At the same time, the series has offered contrasting approaches to team building. The Celtics’ core is made up largely of players they drafted and developed, a roster highlighted by Tatum and Jaylen Brown. That list also includes Marcus Smart, the NBA’s defensive player of the year, and Robert Williams, the fourth-year center who returned to the rotation Saturday about three weeks after knee surgery.

In that way, the Celtics look back on contenders like the Golden State Warriors and Memphis Grizzlies, teams that developed continuity and chemistry by sticking with their young players.

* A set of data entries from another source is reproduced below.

Lemma letterP (g : 'I_6) :
  g = ga \/ g = gb \/ g = gc \/ g = gx \/ g = gy \/ g = gz.
Proof.
case: g => [[|[|[|[|[|[|n]]]]]] lt_g6] //; [left|do 1 right; left|do 2 right; left
  |do 3 right; left|do 4 right; left|do 5 right]; apply/val_inj;
  by rewrite /= ?val_ga ?val_gb ?val_gc ?val_gx ?val_gy ?val_gz.
Qed.

Definition is_xyz (t : 'I_6) := t = gx \/ t = gy \/ t = gz.

Lemma is_xyz_val t : is_xyz t -> val t = 3%N \/ val t = 4%N \/ val t = 5%N.
Proof. by case=> [->|[->|->]]; rewrite ?val_gx ?val_gy ?val_gz; tauto. Qed.

Lemma In_cat (T : Type) (x : T) s1 s2 :
  List.In x (s1 ++ s2) <-> List.In x s1 \/ List.In x s2.
Proof. exact: List.in_app_iff. Qed.

Lemma In_mem (T : eqType) (x : T) s : x \in s -> List.In x s.
Proof. by elim: s => //= y s IH; rewrite inE => /orP [/eqP ->|/IH]; [left|right]. Qed.

Section Words.
Variable K : fieldType.

Definition qeval (V : lmodType K) (r : quad K) (h : 'I_6 -> 'I_6 -> V) : V :=
  \sum_(s : 'I_6) \sum_(t : 'I_6) r s t *: h s t.

Lemma eq_qeval (V : lmodType K) r (h h' : 'I_6 -> 'I_6 -> V) :
  (forall s t, h s t = h' s t) -> qeval r h = qeval r h'.
Proof. by move=> eq_h; apply: eq_bigr => s _; apply: eq_bigr => t _; rewrite eq_h. Qed.

Lemma qeval_mono (V : lmodType K) p q (h : 'I_6 -> 'I_6 -> V) :
  qeval (mono K p q) h = h p q.
Proof.
rewrite /qeval (bigD1 p) //= [X in _ + X]big1 => [|s /negbTE ne_sp]; last first.
  by apply: big1 => t _; rewrite /mono ne_sp scale0r.
rewrite addr0 (bigD1 q) //= [X in _ + X]big1 => [|t /negbTE ne_tq]; last first.
  by rewrite /mono ne_tq andbF scale0r.
by rewrite addr0 /mono !eqxx scale1r.
Qed.

Lemma qeval_add (V : lmodType K) r1 r2 (h : 'I_6 -> 'I_6 -> V) :
  qeval (qadd r1 r2) h = qeval r1 h + qeval r2 h.
Proof.
rewrite /qeval -big_split; apply: eq_bigr => s _.
by rewrite -big_split; apply: eq_bigr => t _; rewrite /qadd scalerDl.
Qed.

Lemma qeval_scale (V : lmodType K) k r (h : 'I_6 -> 'I_6 -> V) :
  qeval (qscale k r) h = k *: qeval r h.
Proof.
rewrite /qeval scaler_sumr; apply: eq_bigr => s _.
by rewrite scaler_sumr; apply: eq_bigr => t _; rewrite /qscale scalerA.
Qed.

Lemma qeval0 (V : lmodType K) r : qeval r (fun _ _ => 0 : V) = 0.
Proof. by rewrite /qeval big1 // => s _; rewrite big1 // => t _; rewrite scaler0. Qed.

Definition qevalE := (qeval_add, qeval_scale, qeval_mono).

(* Zero unless [size w = N]. *)
Definition word (N : nat) (w : seq 'I_6) : freeDeg K N :=
  [ffun t : N.-tuple 'I_6 => ((tval t == w)%:R : K^o)].

Lemma word_decomp N (F : freeDeg K N) : F = \sum_(t : N.-tuple 'I_6) F t *: word N t.
Proof.
apply/ffunP => t0; rewrite sum_ffunE (bigD1 t0) //= big1 => [|t ne_t]; last first.
  by rewrite !ffunE; move: ne_t; rewrite -val_eqE eq_sym => /negbTE ->; rewrite scaler0.
by rewrite !ffunE eqxx mulr1n addr0; exact: (esym (mulr1 _)).
Qed.
Lemma norm1_projection_unique p (Y : 'M[R]_(p, n)) P Q :
  (forall i, extreme (unit_ball N) (v i)) ->
  (forall m' (u : 'I_m' -> 'rV[R]_n),
     (forall i, extreme (unit_ball N) (u i)) -> gen_pos2 Y (span_of u)) ->
  is_projection Y P -> is_projection Y Q -> op_norm N P <= 1 -> op_norm N Q <= 1 ->
  P = Q.
Proof.
move=> v_ext Y_gp Pproj Qproj P1 Q1; apply/eqP; rewrite -subr_eq0; set D := P - Q.
suff D_ker (x : 'rV[R]_n) : x *m D = 0.
  by rewrite -[D]mul1mx -sub_kermx; apply/rV_subP => x _; rewrite sub_kermx D_ker.
apply/eqP; apply: contraT => xD0; set x' := (N (x *m D))^-1 *: x; set y := x' *m D.
have y1 : N y = 1 by rewrite /y -scalemxAl normN_normalize.
have y0 : y != 0 by apply: contra_eqN y1 => /eqP ->; rewrite (normN0 normN) eq_sym oner_eq0.
have yY : (y <= Y)%MS := projection_diff_sub x' Pproj Qproj.
have [w [w0 w1 yw]] : exists w : 'I_m -> R,
    [/\ forall i, 0 <= w i, \sum_i w i = 1 & y = \sum_i w i *: v i].
  by apply: unit_ball_convex_comb; rewrite y1.
have [f [fy fN]] := norming_functional normN y; rewrite y1 in fy.
pose u j := v (@enum_val _ (mem [pred i | w i != 0]) j).
have yS : (y <= span_of u)%MS by rewrite yw; exact: sum_sub_span_support.
have YS_full := gen_pos2_row_full (Y_gp _ u (fun j => v_ext _)) y0 yY yS.
set c := D *m f^T.
have Yc : (Y <= kermx c)%MS.
  rewrite sub_kermx mulmxA mulmxBr (projection_mulmx Pproj) (projection_mulmx Qproj).
  by rewrite subrr mul0mx.
have Sc : (span_of u <= kermx c)%MS.
  apply/row_subP => j; rewrite sub_kermx.
  have -> : row j (span_of u) = u j by apply/rowP => k; rewrite !mxE.
  have wj : 0 < w (enum_val j) by rewrite lt_def w0 andbT; have := enum_valP j; rewrite inE.
  rewrite [u j *m c]mx11_scalar mulmxA -appE /D mulmxBr appD appN.
  rewrite (projection_active_vertex Pproj P1 yY w0 w1 yw fy fN wj).
  by rewrite (projection_active_vertex Qproj Q1 yY w0 w1 yw fy fN wj) subrr raddf0.
have x'c : x' *m c = 0.
  apply/eqP; rewrite -sub_kermx; apply: submx_trans (submx_full x' YS_full) _.
  by rewrite addsmx_sub Yc Sc.
by move: fy; rewrite appE /y -mulmxA x'c mxE => /eqP; rewrite eq_sym oner_eq0.
Qed.
End PolyhedralOpNorm.
Lemma on_minor_arc_CB' D : on_minor_arc (0, 0) 1 C B' D <->
  exists cD sD, cD ^ 2 + sD ^ 2 = 1 /\ D = csq cD sD /\ 0 <= sD /\ 0 <= cD * sb - sD * cb.
Proof.
  assert (hk : 0 < 8 * sb ^ 2 * cb) by (apply Rmult_lt_0_compat; nra).
  split.
  - intros [hD hor].
    destruct (unit_circle_csq D hD) as [cD [sD [uD [-> [hsD _]]]]].
    rewrite orient_C_B'_csq in hor by exact uD.
    assert (hprod : 0 <= sD * (cD * sb - sD * cb)) by nra.
    destruct (Req_dec sD 0) as [h0 | h0].
    + exists 1, 0; subst sD; unfold csq; repeat split; try f_equal; nra.
    + exists cD, sD; repeat split; auto; nra.
  - intros (cD & sD & uD & -> & hsD & hD); split.
    + apply csq_on_unit_circle, uD.
    + rewrite orient_C_B'_csq by exact uD.
      assert (0 <= sD * (cD * sb - sD * cb)) by (apply Rmult_le_pos; lra); nra.
Qed.

Lemma arc_point_distances cD sD : cD ^ 2 + sD ^ 2 = 1 -> 0 <= sD -> 0 <= cD * sb - sD * cb ->
  edist C (csq cD sD) = 2 * (cD * sb - sD * cb) /\
  edist (csq cD sD) A = 2 * (sD * cb + cD * sb) /\
  edist (csq cD sD) B' = 2 * sD.
Proof.
  intros uD hsD hD.
  assert (hcD : 0 <= cD) by nra.
  unfold A, B', C; rewrite !edist_csq by auto.
  repeat split; f_equal; apply Rabs_eq_pos; try (left; ring); nra.
Qed.

Lemma arc_point_cos_gt cD sD : cD ^ 2 + sD ^ 2 = 1 -> 0 <= cD -> sD * cb = cB * sb -> cB < cD.
Proof.
  intros uD hcD hs.
  assert (cb ^ 2 * (cD ^ 2 - cB ^ 2) = cb ^ 2 - cB ^ 2)
    by (clear - ub uB uD hs; simpl pow in *; nsatz).
  assert (0 < cb ^ 2 - cB ^ 2) by nra.
  assert (0 < cD ^ 2 - cB ^ 2) by nra.
  nra.
Qed.
(* Let $n\ge 2$ and $P,Q\in\Gamma_n$. Then \[ D_{I\Delta}\le \tfrac23 D_{h\Delta}\le 2D_{hI}\le D_{TJ}, \] \[ D_{I\Delta}\le \tfrac23 D_{h\Delta}\le \tfrac12 D_{J\Delta}\le \tfrac13 D_{T\Delta}\le D_{TJ}, \] and \[ D_{TJ}\le \tfrac23 D_{Th}\le 2D_{Jh}\le \tfrac16 D_{\Psi\Delta}\le \tfrac15 D_{\Psi I}\le \tfrac29 D_{\Psi h}\le \tfrac14 D_{\Psi J}\le \tfrac13 D_{\Psi T}, \] where all quantities are evaluated at $(P\|Q)$.
   Context: $\Gamma_n=\{P=(p_1,\dots,p_n): p_i>0,\ \sum_{i=1}^n p_i=1\}$. For $P,Q\in\Gamma_n$: $h(P\|Q)=\frac12\sum_{i=1}^n(\sqrt{p_i}-\sqrt{q_i})^2$; $\Delta(P\|Q)=\sum_{i=1}^n\frac{(p_i-q_i)^2}{p_i+q_i}$; $\Psi(P\|Q)=\sum_{i=1}^n\frac{(p_i-q_i)^2(p_i+q_i)}{p_iq_i}$; $J(P\|Q)=\sum_{i=1}^n(p_i-q_i)\ln\frac{p_i}{q_i}$; $I(P\|Q)=\frac12\Big[\sum_{i=1}^n p_i\ln\frac{2p_i}{p_i+q_i}+\sum_{i=1}^n q_i\ln\frac{2q_i}{p_i+q_i}\Big]$; $T(P\|Q)=\sum_{i=1}^n\frac{p_i+q_i}{2}\ln\frac{p_i+q_i}{2\sqrt{p_iq_i}}$. Differences: $D_{\Psi T}=\frac1{16}\Psi-T$, $D_{\Psi J}=\frac1{16}\Psi-\frac18J$, $D_{\Psi h}=\frac1{16}\Psi-h$, $D_{\Psi I}=\frac1{16}\Psi-I$, $D_{\Psi\Delta}=\frac1{16}\Psi-\frac14\Delta$, $D_{TJ}=T-\frac18J$, $D_{Th}=T-h$, $D_{T\Delta}=T-\frac14\Delta$, $D_{Jh}=\frac18J-h$, $D_{J\Delta}=\frac18J-\frac14\Delta$, $D_{hI}=h-I$, $D_{h\Delta}=h-\frac14\Delta$, $D_{I\Delta}=I-\frac14\Delta$ (all evaluated at $(P\|Q)$). *)

(* concrete reals R. Probability vectors are functions nat -> R,
   only indices 0..n-1 are relevant. *)
From Stdlib Require Import Reals.
Open Scope R_scope.
(* The k-th inner sum of the theorem is at most a^j (2j b_j - 1) c_(j,k) (1 - 2b_j)^(k-1):
   factor out a^j, then bound the remaining sum over compositions of m = j-k-1
   by composition_sum_le with the weights u_n. *)
Lemma inner_sum_le (a : R) (j k : nat) : 0 <= a -> (1 <= k)%N -> (k <= (j - 1) %/ 2)%N ->
  \sum_(t : {ffun 'I_k -> 'I_j} |
          ((\sum_(p < k) (t p : nat))%N == (j - k - 1)%N) && [forall p, (0 < t p)%N])
    ((a / 2) ^+ k.+1 * ((k.+1 * k.+2)%:R / 2)
     * \prod_(p < k) (gcoef a (t p) / ((t p : nat).+1)%:R))
  <= a ^+ j * ((2 * j%:R * cbin R j - 1) * (maj_coef j k * (1 - 2 * cbin R j) ^+ k.-1)).
Proof.
move=> a_ge0 k_ge1; rewrite leq_divRL // => k2_le.
set m := (j - k - 1)%N; set X := (k.+1 * k.+2)%:R / 2 : R.
set c := 2 * j%:R * cbin R j - 1; set U := 1 - 2 * cbin R j.
set S := \sum_(t : {ffun 'I_k -> 'I_j} |
            ((\sum_(p < k) (t p : nat))%N == m) && [forall p, (0 < t p)%N]) \prod_(p < k) wt (t p).
have m_gt0 : (0 < m)%N by rewrite /m; lia.
have j_gt0 : (0 < j)%N by lia.
have U_ge0 : 0 <= U by rewrite /U; have := cbin_le_half j_gt0; lra.
have S_le : m%:R * S <= k%:R * c * U ^+ k.-1.
  apply: le_trans (composition_sum_le (@wt_ge0) k j m) _.
  rewrite sum_wt // -/U ler_wpM2r ?exprn_ge0 // ler_wpM2l ?ler0n //.
  exact: sum_moment_wt.
have -> : \sum_(t : {ffun 'I_k -> 'I_j} |
              ((\sum_(p < k) (t p : nat))%N == m) && [forall p, (0 < t p)%N]) ((a / 2) ^+ k.+1 * X
            * \prod_(p < k) (gcoef a (t p) / ((t p : nat).+1)%:R))
          = (a / 2) ^+ k.+1 * X * a ^+ m * S.
  rewrite /S !big_distrr /=; apply: eq_bigr => t /andP[/eqP t_sum _].
  by rewrite (prod_gcoef_wt a t_sum) mulrA.
have a_pow : a ^+ j = a ^+ k.+1 * a ^+ m by rewrite -exprD /m; congr (_ ^+ _); lia.
have m_pos : 0 < m%:R :> R by rewrite ltr0n.
have {}S_le : S <= k%:R * c * U ^+ k.-1 / m%:R by rewrite ler_pdivlMr // mulrC.
have P_ge0 : 0 <= a ^+ k.+1 * (1/2) ^+ k.+1 * X * a ^+ m.
  by rewrite !mulr_ge0 ?exprn_ge0 ?divr_ge0 ?invr_ge0 ?ler0n.
have -> : (a / 2) ^+ k.+1 = a ^+ k.+1 * (1/2) ^+ k.+1 by rewrite -exprMn mul1r.
suff -> : a ^+ j * (c * (maj_coef j k * U ^+ k.-1)) = (a ^+ k.+1 * (1/2) ^+ k.+1 * X * a ^+ m)
    * (k%:R * c * U ^+ k.-1 / m%:R) by exact: ler_wpM2l.
rewrite a_pow /maj_coef -/m -/X.
move: (a ^+ k.+1) (a ^+ m) ((1 / 2 : R) ^+ k.+1) (U ^+ k.-1) => A M H V.
by field; rewrite gt_eqF.
Qed.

The Nets went the other way, acquiring big-ticket stars like Durant and Irving while trading their draft picks and prospects. It was championship or failure from the beginning. Sometimes that experiment goes well. The Los Angeles Lakers, after all, won the championship in 2020 following a similar script. But that seems to be the exception these days, and the Lakers have since collapsed into a very expensive, aging dust heap after mortgaging their future to try to win now. The Nets may not be far behind.

The Nets, of course, have had a particularly disjointed season, and even before the start of Game 3, Nash was rattling off a summary list of the challenges his team had faced: Not having Irving for much of the season because he refused to be vaccinated; trade James Harden to the Philadelphia 76ers; missing Durant for six weeks due to sprained knee ligaments. Nash said he wasn’t making excuses, but…

“We’ve had very few pockets with everyone able to play,” he said.

At this point, they may only have one of them left.